The 37-year-old two-time World Cup winning former captain's future is one of the most debated topics in Indian cricket right now but Gavaskar feels he deserves better. "Bear with that little inconsistency. But he's still tremendous value to the team... That value you cannot calculate at all," the batting great said. Elaborating on what he thought makes Dhoni a crucial cog, Gavaskar said the veteran stumper's reading of the game and match situations is impeccable from behind the stumps. "He keeps telling the bowlers to bowl a particular delivery, what a batsman is planning to do. He has a sense of what a batsman is thinking...What the batsman is looking to do now...is he looking to get out of jail kind of shot?" he said.

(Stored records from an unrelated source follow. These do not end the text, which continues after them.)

(* On a maximal partition the inequalities above are equalities, so the
   simulation identifies the blocks of [pi] and of [alpha pi] exactly. *)
Lemma simulation_maximal pi : pi \in maximal_parts D ->
  alpha pi \in maximal_parts D' /\
  forall x y, (pblock pi x == pblock pi y) =
              (pblock (alpha pi) (phi x) == pblock (alpha pi) (phi y)).
Proof.
rewrite inE => /andP[piD /eqP maxpi]; have [alpha_piD ref] := sim piD.
have /andP[le1 le2] := leq_nblocks_simulation piD.
have le3 : nblocks (alpha pi) <= max_nblocks D' by apply: leq_bigmax_cond.
have nbE : nblocks (alpha pi) = nblocks pi.
  apply/eqP; rewrite eqn_leq (leq_trans le1 le2) andbT maxpi.
  exact: leq_trans le3 max_nblocksD'.
split.
  by rewrite inE alpha_piD eqn_leq le3 nbE maxpi.
move=> x y; apply/eqP/eqP => [|/ref //].
apply: (factor_card_imsetT (F := fun z => pblock (alpha pi) (phi z)) ref).
by rewrite (leq_trans le2) // nbE.
Qed.

Hypothesis partD : forall pi, pi \in parts D -> partition pi [set: st D].

Lemma simulation_inj : {in maximal_parts D &, injective alpha}.
Proof.
move=> pi rho pimax rhomax alpha_eq.
have [[_ Epi] [_ Erho]] := (simulation_maximal pimax, simulation_maximal rhomax).
have maxD sigma : sigma \in maximal_parts D -> sigma \in parts D.
  by rewrite inE => /andP[].
apply: partition_eq; [exact/partD/maxD | exact/partD/maxD | move=> x y].
by rewrite Epi Erho alpha_eq.
Qed.

Lemma nblocks_meet_simulation pi rho :
  phi @: [set: st D] = [set: st D'] ->
  pi \in maximal_parts D -> rho \in maximal_parts D ->
  nblocks_meet (alpha pi) (alpha rho) = nblocks_meet pi rho.
Proof.
move=> phi_onto /simulation_maximal[_ Epi] /simulation_maximal[_ Erho].
rewrite /nblocks_meet -phi_onto -imset_comp; apply: eq_card_imsetT => x y /=.
by rewrite !xpair_eqE Epi Erho.
Qed.

End Simulation.

Lemma asd_equiv_max_nblocks (D D' : asd) : separating D -> separating D' ->
  asd_equiv D D' -> max_nblocks D = max_nblocks D'.
Proof.
move=> sepD sepD' [/(asd_le_simulation sepD)[phi [alpha [_ sim]]]].
move=> /(asd_le_simulation sepD')[psi [beta [_ sim']]].
by apply/eqP; rewrite eqn_leq (leq_max_nblocks_simulation sim) (leq_max_nblocks_simulation sim').
Qed.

"These are the kind of things where Dhoni helps the bowlers and of course with the field placing because Virat is so important in the deep (as he fields outside 30-yard circle) in the final overs when he saves those two runs diving around, takes magnificent catches in the deep," he added. Gavaskar also spoke about the trust that current skipper Virat Kohli has Dhoni's assessment of situations. "...it's not possible for Virat to maybe have a conversation with the bowlers or to make adjustments to the square fielders. That is where Virat has complete faith and trust in Dhoni to make those little bit of adjustments for him," Gavaskar said.